**What is needed**:
Reproduce the section of the listing that begins at the line containing "Definition lower_bound (L" and finishes at the line containing "affine function of". Include both end lines and nothing beyond them.

**Information shown**:
┄┄┄┄┄┄
(* Let $L>0$, $H\in(0,\infty]$, $D\ge1$, and let $v_1,\dots,v_{D+1}\in\mathbb R^m$ be orthonormal. With $\ell=\min\{L,\ H/(10(D+1)^{1.5})\}$, $\eta=10(D+1)^{1.5}\ell$, $\tilde f(x)=\max_{1\le r\le D+1}(\ell v_r^\top x-5\ell^2(r-1)/\eta)$ and $f(x)=\inf_y\{\tilde f(y)+\frac\eta2\|y-x\|^2\}$, every $x\in\mathbb R^m$ with $|v_{D+1}^\top x|\le\ell/\eta$ satisfies \[f(x)-\min_{\|x'\|\le1}f(x')\ \ge\ \min\Big\{\frac{L}{2\sqrt{D+1}},\ \frac{H}{20(D+1)^2}\Big\}.\] *)

From Stdlib Require Import Reals Lra ClassicalEpsilon.
Open Scope R_scope.

(* Vectors of R^m are represented as functions nat -> R; only the
   coordinates 0..m-1 are ever used. *)
Fixpoint sumR (m : nat) (g : nat -> R) : R :=
  match m with
  | O => 0
  | S k => sumR k g + g k
  end.

Definition dot (m : nat) (a b : nat -> R) : R := sumR m (fun i => a i * b i).
Definition sqnorm (m : nat) (a : nat -> R) : R := dot m a a.
Definition norm (m : nat) (a : nat -> R) : R := sqrt (sqnorm m a).

Definition orthonormal (m D : nat) (v : nat -> nat -> R) : Prop :=
  forall r s, (1 <= r <= D + 1)%nat -> (1 <= s <= D + 1)%nat ->
    dot m (v r) (v s) = if Nat.eq_dec r s then 1 else 0.

Definition is_glb (E : R -> Prop) (a : R) : Prop :=
  (forall s, E s -> a <= s) /\ (forall b, (forall s, E s -> b <= s) -> b <= a).

(* The infimum (chosen classically; meaningful when the glb exists). *)
Definition Rinf (E : R -> Prop) : R :=
  epsilon (inhabits 0) (fun a => is_glb E a).

(* Parameters. H = None encodes H = +infinity. *)
Definition pow15 (x : R) : R := Rpower x (3/2).

Definition ell (L : R) (H : option R) (D : nat) : R :=
  match H with
  | Some h => Rmin L (h / (10 * pow15 (INR (D + 1))))
  | None => L
  end.

Definition eta (L : R) (H : option R) (D : nat) : R :=
  10 * pow15 (INR (D + 1)) * ell L H D.

(* max over r = 1..D+1 of g r *)
Fixpoint maxR_from1 (n : nat) (g : nat -> R) : R :=
  match n with
  | O => g 1%nat
  | S k => Rmax (maxR_from1 k g) (g (S (S k)))
  end.

Definition ftilde (m D : nat) (L : R) (H : option R) (v : nat -> nat -> R)
  (x : nat -> R) : R :=
  let l := ell L H D in
  let e := eta L H D in
  maxR_from1 D (fun r => l * dot m (v r) x - 5 * l ^ 2 * INR (r - 1) / e).

Definition fenv (m D : nat) (L : R) (H : option R) (v : nat -> nat -> R)
  (x : nat -> R) : R :=
  Rinf (fun t => exists y : nat -> R,
          t = ftilde m D L H v y
              + eta L H D / 2 * sqnorm m (fun i => y i - x i)).

Definition fmin_ball (m D : nat) (L : R) (H : option R) (v : nat -> nat -> R) : R :=
  Rinf (fun t => exists x' : nat -> R, norm m x' <= 1 /\ t = fenv m D L H v x').

Definition lower_bound (L : R) (H : option R) (D : nat) : R :=
  match H with
  | Some h => Rmin (L / (2 * sqrt (INR (D + 1)))) (h / (20 * INR (D + 1) ^ 2))
  | None => L / (2 * sqrt (INR (D + 1)))
  end.

(* The Moreau envelope f of the max-of-affine function is bounded below by the
   envelope of its last piece l v_{D+1}.y - 5 l^2 D / eta, which is an explicit
   affine function of x with an O(l^2/eta) loss from completing the square; on
   the slab |v_{D+1}.x| <= l/eta this gives f(x) >= -(5D + 3/2) l^2/eta.  On the
   other hand the unit vector x0 = -(v_1 + ... + v_{D+1}) / sqrt(D+1) makes every
   piece at most -l/sqrt(D+1), and f(x0) <= ftilde(x0).  Since
   eta = 10 (D+1)^{3/2} l, the gap l/sqrt(D+1) = 10 (D+1) l^2/eta beats the loss
   by at least l/(2 sqrt(D+1)), which dominates the stated minimum. *)

From Stdlib Require Import Reals Lra Lia ClassicalEpsilon.
Open Scope R_scope.

Lemma sumR_ext m f g : (forall i, (i < m)%nat -> f i = g i) -> sumR m f = sumR m g.
Proof.
  intros Hfg; induction m as [|m IH]; simpl; [reflexivity|].
  rewrite IH by (intros; apply Hfg; lia); rewrite Hfg by lia; reflexivity.
Qed.

Lemma sumR_plus m f g : sumR m (fun i => f i + g i) = sumR m f + sumR m g.
Proof. induction m as [|m IH]; simpl; [lra | rewrite IH; lra]. Qed.

Lemma sumR_scal m c f : sumR m (fun i => c * f i) = c * sumR m f.
Proof. induction m as [|m IH]; simpl; [lra | rewrite IH; lra]. Qed.

Lemma sumR_le m f g : (forall i, f i <= g i) -> sumR m f <= sumR m g.
Proof. intros Hfg; induction m as [|m IH]; simpl; [lra | specialize (Hfg m); lra]. Qed.

Lemma sumR_const1 n : sumR n (fun _ => 1) = INR n.
Proof. induction n as [|n IH]; simpl sumR; [simpl; lra | rewrite IH, S_INR; lra]. Qed.

Lemma sumR_swap m n F :
  sumR m (fun i => sumR n (fun k => F i k)) = sumR n (fun k => sumR m (fun i => F i k)).
Proof.
  induction m as [|m IH]; simpl.
  - induction n; simpl; lra.
  - rewrite IH, <- sumR_plus; reflexivity.
Qed.

Lemma sumR_delta_gt n r : (n < r)%nat ->
  sumR n (fun k => if Nat.eq_dec r (S k) then 1 else 0) = 0.
Proof.
  induction n as [|n IH]; intros Hr; simpl; [lra|].
  rewrite IH by lia; destruct (Nat.eq_dec r (S n)); [lia | lra].
Qed.

Lemma sumR_delta n r : (1 <= r <= n)%nat ->
  sumR n (fun k => if Nat.eq_dec r (S k) then 1 else 0) = 1.
Proof.
  induction n as [|n IH]; intros Hr; [lia|]; simpl.
  destruct (Nat.eq_dec r (S n)).
  - rewrite sumR_delta_gt by lia; lra.
  - rewrite IH by lia; lra.
Qed.

Lemma dot_sym m a b : dot m a b = dot m b a.
Proof. apply sumR_ext; intros; ring. Qed.

Lemma dot_sub m a y z : dot m a (fun i => y i - z i) = dot m a y - dot m a z.
Proof.
  unfold dot; rewrite (sumR_ext m _ (fun i => a i * y i + (-1) * (a i * z i))) by (intros; ring).
  rewrite sumR_plus, sumR_scal; ring.
Qed.

Lemma dot_scal m a c b : dot m a (fun i => c * b i) = c * dot m a b.
Proof.
  unfold dot; rewrite <- sumR_scal; apply sumR_ext; intros; ring.
Qed.

Lemma sqnorm_scal m c b : sqnorm m (fun i => c * b i) = c ^ 2 * sqnorm m b.
Proof.
  unfold sqnorm; rewrite dot_scal, dot_sym, dot_scal; ring.
Qed.

Lemma sqnorm_ge0 m a : 0 <= sqnorm m a.
Proof.
  unfold sqnorm, dot; induction m as [|m IH]; simpl; [lra|].
  pose proof (Rle_0_sqr (a m)); unfold Rsqr in *; lra.
Qed.

Lemma norm_le_1 m a : sqnorm m a <= 1 -> norm m a <= 1.
Proof. intros Ha; rewrite <- sqrt_1; apply sqrt_le_1_alt, Ha. Qed.

Lemma sqnorm_le_1 m a : norm m a <= 1 -> sqnorm m a <= 1.
Proof.
  intros Ha; apply sqrt_le_0; [apply sqnorm_ge0 | lra | rewrite sqrt_1; exact Ha].
Qed.

Lemma dot_ge_neg_sqnorm m a b : dot m a b >= - (sqnorm m a + sqnorm m b) / 2.
Proof.
  unfold sqnorm, dot.
  assert (Hsum : sumR m (fun i => -(1/2) * (a i * a i) + -(1/2) * (b i * b i))
                 <= sumR m (fun i => a i * b i)).
  { apply sumR_le; intros i; pose proof (pow2_ge_0 (a i + b i)); nra. }
  rewrite sumR_plus, !sumR_scal in Hsum; lra.
Qed.

(* Completing the square coordinatewise: the minimum over w is at w = -(c/e) a. *)
Lemma completed_square_ge m e c a w : 0 < e ->
  e / 2 * sqnorm m w + c * dot m a w >= - (c ^ 2 / (2 * e)) * sqnorm m a.
Proof.
  intros He; unfold sqnorm, dot.
  rewrite <- !sumR_scal, <- sumR_plus; apply Rle_ge, sumR_le; intros i.
  assert (0 <= e / 2 * (w i + c / e * a i) ^ 2) by (apply Rmult_le_pos; [lra | apply pow2_ge_0]).
  assert (e / 2 * (w i + c / e * a i) ^ 2 =
          e / 2 * (w i * w i) + c * (a i * w i) + c ^ 2 / (2 * e) * (a i * a i)) by (field; lra).
  lra.
Qed.

Lemma moreau_obj_ge_affine m (g : (nat -> R) -> R) e c a b : 0 < e ->
  (forall y, g y >= c * dot m a y + b) ->
  forall y z, g y + e / 2 * sqnorm m (fun i => y i - z i)
              >= c * dot m a z + b - c ^ 2 / (2 * e) * sqnorm m a.
Proof.
  intros He Hg y z.
  pose proof (Hg y); pose proof (completed_square_ge m e c a (fun i => y i - z i) He).
  rewrite dot_sub in *; lra.
Qed.

Lemma maxR_from1_le n g M :
  (forall r, (1 <= r <= n + 1)%nat -> g r <= M) -> maxR_from1 n g <= M.
Proof.
  induction n as [|n IH]; intros Hg; simpl.
  - apply Hg; lia.
  - apply Rmax_lub; [apply IH; intros; apply Hg | apply Hg]; lia.
Qed.

Lemma maxR_from1_ge_last n g : g (n + 1)%nat <= maxR_from1 n g.
Proof.
  induction n as [|n IH]; simpl; [lra|].
  eapply Rle_trans; [| apply Rmax_r]; replace (S (n + 1)) with (S (S n)) by lia; lra.
Qed.

Lemma Rinf_is_glb E :
  (exists s, E s) -> (exists b, forall s, E s -> b <= s) -> is_glb E (Rinf E).
Proof.
  intros [s Hs] [b Hb]; unfold Rinf; apply epsilon_spec.
  destruct (completeness (fun x => E (- x))) as [M [HM1 HM2]].
  - exists (- b); intros x Hx; specialize (Hb _ Hx); lra.
  - exists (- s); now rewrite Ropp_involutive.
  - exists (- M); split.
    + intros t Ht.
      assert (Ht' : E (- - t)) by now rewrite Ropp_involutive.
      specialize (HM1 _ Ht'); lra.
    + intros c Hc.
      assert (M <= - c) by (apply HM2; intros x Hx; specialize (Hc _ Hx); lra).
      lra.
Qed.

Lemma Rinf_le E s b : E s -> (forall t, E t -> b <= t) -> Rinf E <= s.
Proof.
  intros Hs Hb; apply (proj1 (Rinf_is_glb E (ex_intro _ s Hs) (ex_intro _ b Hb))), Hs.
Qed.

Lemma le_Rinf E b : (exists s, E s) -> (forall t, E t -> b <= t) -> b <= Rinf E.
Proof.
  intros Hs Hb; apply (proj2 (Rinf_is_glb E Hs (ex_intro _ b Hb))), Hb.
Qed.

Lemma pow15_eq x : 0 < x -> pow15 x = x * sqrt x.
Proof.
  intros Hx; unfold pow15; replace (3 / 2) with (1 + / 2) by field.
  rewrite Rpower_plus, Rpower_1, Rpower_sqrt by lra; reflexivity.
Qed.

Definition vsum (D : nat) (v : nat -> nat -> R) : nat -> R :=
  fun i => sumR (D + 1) (fun k => v (S k) i).

Lemma dot_vsum m D v r : orthonormal m D v -> (1 <= r <= D + 1)%nat ->
  dot m (v r) (vsum D v) = 1.
Proof.
  intros hv Hr; unfold dot, vsum.
  rewrite (sumR_ext m _ (fun i => sumR (D + 1) (fun k => v r i * v (S k) i)))
    by (intros; now rewrite sumR_scal).
  rewrite sumR_swap, (sumR_ext (D + 1) _ (fun k => if Nat.eq_dec r (S k) then 1 else 0)).
  - apply sumR_delta; lia.
  - intros k Hk; apply hv; lia.
Qed.

Lemma sqnorm_vsum m D v : orthonormal m D v -> sqnorm m (vsum D v) = INR (D + 1).
Proof.
  intros hv; unfold sqnorm, dot at 1.
  rewrite (sumR_ext m _ (fun i => sumR (D + 1) (fun k => vsum D v i * v (S k) i)))
    by (intros; rewrite sumR_scal; reflexivity).
  rewrite sumR_swap, <- sumR_const1; apply sumR_ext; intros k Hk.
  fold (dot m (vsum D v) (v (S k))); rewrite dot_sym; apply dot_vsum; [exact hv | lia].
Qed.

Section HardInstance.

Variables (m D : nat) (L : R) (H : option R) (v : nat -> nat -> R).
Hypotheses (hL : 0 < L) (hH : forall h, H = Some h -> 0 < h) (hv : orthonormal m D v).

Local Notation l := (ell L H D).
Local Notation e := (eta L H D).
Local Notation n := (INR (D + 1)).

Lemma INR_D1_pos : 0 < n.
Proof. apply lt_0_INR; lia. Qed.

Lemma ell_pos : 0 < l.
Proof.
  pose proof INR_D1_pos as Hn; pose proof (sqrt_lt_R0 _ Hn).
  unfold ell; destruct H as [h|]; [| lra].
  specialize (hH h eq_refl); rewrite pow15_eq by lra.
  apply Rmin_glb_lt; [lra |]; apply Rdiv_lt_0_compat; [lra | nra].
Qed.

Lemma eta_eq : e = 10 * (n * sqrt n) * l.
Proof. unfold eta; rewrite pow15_eq by apply INR_D1_pos; reflexivity. Qed.

Lemma eta_pos : 0 < e.
Proof.
  pose proof INR_D1_pos as Hn; pose proof (sqrt_lt_R0 _ Hn); pose proof ell_pos.
  rewrite eta_eq; apply Rmult_lt_0_compat; [nra | lra].
Qed.

Lemma ell_div_sqrt : l / sqrt n = 10 * n * (l ^ 2 / e).
Proof.
  pose proof INR_D1_pos as Hn; pose proof (sqrt_lt_R0 _ Hn); pose proof ell_pos.
  rewrite eta_eq; field; split; lra.
Qed.

Lemma lower_bound_le_ell : lower_bound L H D <= l / sqrt n / 2.
Proof.
  pose proof INR_D1_pos as Hn; pose proof (sqrt_lt_R0 _ Hn) as Hs.
  pose proof (sqrt_sqrt _ (Rlt_le _ _ Hn)) as Hss.
  unfold lower_bound, ell; destruct H as [h|].
  - rewrite pow15_eq by lra; unfold Rmin at 2.
    destruct (Rle_dec L (h / (10 * (n * sqrt n)))) as [_ | _].
    + eapply Rle_trans; [apply Rmin_l | right; field; lra].
    + eapply Rle_trans; [apply Rmin_r | right].
      replace (n ^ 2) with (n * (sqrt n * sqrt n)) by (rewrite Hss; ring); field; lra.
  - right; field; lra.
Qed.

Lemma ftilde_ge_last y :
  ftilde m D L H v y >= l * dot m (v (D + 1)%nat) y + - (5 * INR D * (l ^ 2 / e)).
Proof.
  unfold ftilde.
  pose proof (maxR_from1_ge_last D (fun r => l * dot m (v r) y - 5 * l ^ 2 * INR (r - 1) / e)) as Hlast.
  cbv beta in Hlast; replace (D + 1 - 1)%nat with D in Hlast by lia.
  replace (5 * INR D * (l ^ 2 / e)) with (5 * l ^ 2 * INR D / e) by (unfold Rdiv; ring).
  lra.
Qed.

Lemma sqnorm_v_last : sqnorm m (v (D + 1)%nat) = 1.
Proof.
  unfold sqnorm; rewrite hv by lia; destruct (Nat.eq_dec _ _); [reflexivity | lia].
Qed.

Lemma moreau_obj_ge y z :
  ftilde m D L H v y + e / 2 * sqnorm m (fun i => y i - z i)
  >= l * dot m (v (D + 1)%nat) z - (5 * INR D + / 2) * (l ^ 2 / e).
Proof.
  pose proof eta_pos.
  pose proof (moreau_obj_ge_affine m _ e l (v (D + 1)%nat) _ eta_pos ftilde_ge_last y z).
  rewrite sqnorm_v_last in *.
  replace (l ^ 2 / (2 * e)) with (/ 2 * (l ^ 2 / e)) in * by (field; lra); lra.
Qed.

Lemma fenv_ge z :
  fenv m D L H v z >= l * dot m (v (D + 1)%nat) z - (5 * INR D + / 2) * (l ^ 2 / e).
Proof.
  apply Rle_ge, le_Rinf; [eexists; now exists z |].
  intros t [y ->]; apply Rge_le, moreau_obj_ge.
Qed.

Lemma fenv_le_ftilde z : fenv m D L H v z <= ftilde m D L H v z.
Proof.
  unfold fenv; eapply Rle_trans.
  - apply (Rinf_le _ _ (l * dot m (v (D + 1)%nat) z - (5 * INR D + / 2) * (l ^ 2 / e))).
    + now exists z.
    + intros t [y ->]; apply Rge_le, moreau_obj_ge.
  - unfold sqnorm, dot; rewrite (sumR_ext m _ (fun i => 0 * 0)) by (intros; ring).
    rewrite (sumR_scal m 0 (fun _ => 0)); lra.
Qed.

Lemma ftilde_le_of_dot_const y c :
  (forall r, (1 <= r <= D + 1)%nat -> dot m (v r) y = c) -> ftilde m D L H v y <= l * c.
Proof.
  intros Hy; pose proof eta_pos; pose proof ell_pos.
  unfold ftilde; apply maxR_from1_le; intros r Hr; rewrite Hy by exact Hr.
  assert (0 <= 5 * l ^ 2 * INR (r - 1) / e).
  { apply Rmult_le_pos; [apply Rmult_le_pos; [nra | apply pos_INR] |].
    left; apply Rinv_0_lt_compat; lra. }
  lra.
Qed.

Lemma fmin_ball_le_fenv x' : norm m x' <= 1 -> fmin_ball m D L H v <= fenv m D L H v x'.
Proof.
  intros Hx'; apply (Rinf_le _ _ (- l - (5 * INR D + / 2) * (l ^ 2 / e))); [now exists x' |].
  intros t [y [Hy ->]]; pose proof ell_pos.
  pose proof (dot_ge_neg_sqnorm m (v (D + 1)%nat) y) as Hdot.
  rewrite sqnorm_v_last in Hdot; pose proof (sqnorm_le_1 _ _ Hy).
  pose proof (fenv_ge y); nra.
Qed.

Lemma fmin_ball_le : fmin_ball m D L H v <= - (l / sqrt n).
Proof.
  pose proof INR_D1_pos as Hn; pose proof (sqrt_lt_R0 _ Hn) as Hs.
  set (x0 := fun i => - / sqrt n * vsum D v i).
  assert (Hx0 : norm m x0 <= 1).
  { apply norm_le_1; unfold x0; rewrite sqnorm_scal, sqnorm_vsum by exact hv.
    replace ((- / sqrt n) ^ 2) with (/ (sqrt n * sqrt n)) by (field; lra).
    rewrite sqrt_sqrt by lra; right; field; lra. }
  eapply Rle_trans; [apply fmin_ball_le_fenv, Hx0 |].
  eapply Rle_trans; [apply fenv_le_ftilde |].
  eapply Rle_trans; [apply (ftilde_le_of_dot_const _ (- / sqrt n)) | right; field; lra].
  intros r Hr; unfold x0; rewrite dot_scal, dot_vsum by assumption; ring.
Qed.

End HardInstance.

Theorem lemma5 (m D : nat) (L : R) (H : option R) (v : nat -> nat -> R)
  (hL : 0 < L) (hH : forall h, H = Some h -> 0 < h) (hD : (1 <= D)%nat)
  (hv : orthonormal m D v) :
  forall x : nat -> R,
    Rabs (dot m (v (D + 1)%nat) x) <= ell L H D / eta L H D ->
    fenv m D L H v x - fmin_ball m D L H v >= lower_bound L H D.
Proof.
  intros x Hx.
  pose proof (ell_pos D L H hL hH) as Hl; pose proof (eta_pos D L H hL hH) as He.
  assert (Hslab : ell L H D * dot m (v (D + 1)%nat) x >= - (ell L H D ^ 2 / eta L H D)).
  { pose proof (Rle_abs (- dot m (v (D + 1)%nat) x)) as Habs; rewrite Rabs_Ropp in Habs.
    replace (ell L H D ^ 2 / eta L H D) with (ell L H D * (ell L H D / eta L H D)) by (field; lra).
    nra. }
  pose proof (fenv_ge m D L H v hL hH hv x) as Hfx.
  pose proof (fmin_ball_le m D L H v hL hH hv) as Hmin.
  pose proof (lower_bound_le_ell D L H hH) as Hlb.
  rewrite (ell_div_sqrt D L H hL hH) in Hmin, Hlb.
  assert (0 <= ell L H D ^ 2 / eta L H D) by (apply Rlt_le, Rdiv_lt_0_compat; nra).
  rewrite plus_INR in *; simpl INR in *; lra.
Qed.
┄┄┄┄┄┄
**Exercise answer**:
Definition lower_bound (L : R) (H : option R) (D : nat) : R :=
  match H with
  | Some h => Rmin (L / (2 * sqrt (INR (D + 1)))) (h / (20 * INR (D + 1) ^ 2))
  | None => L / (2 * sqrt (INR (D + 1)))
  end.

(* The Moreau envelope f of the max-of-affine function is bounded below by the
   envelope of its last piece l v_{D+1}.y - 5 l^2 D / eta, which is an explicit
   affine function of x with an O(l^2/eta) loss from completing the square; on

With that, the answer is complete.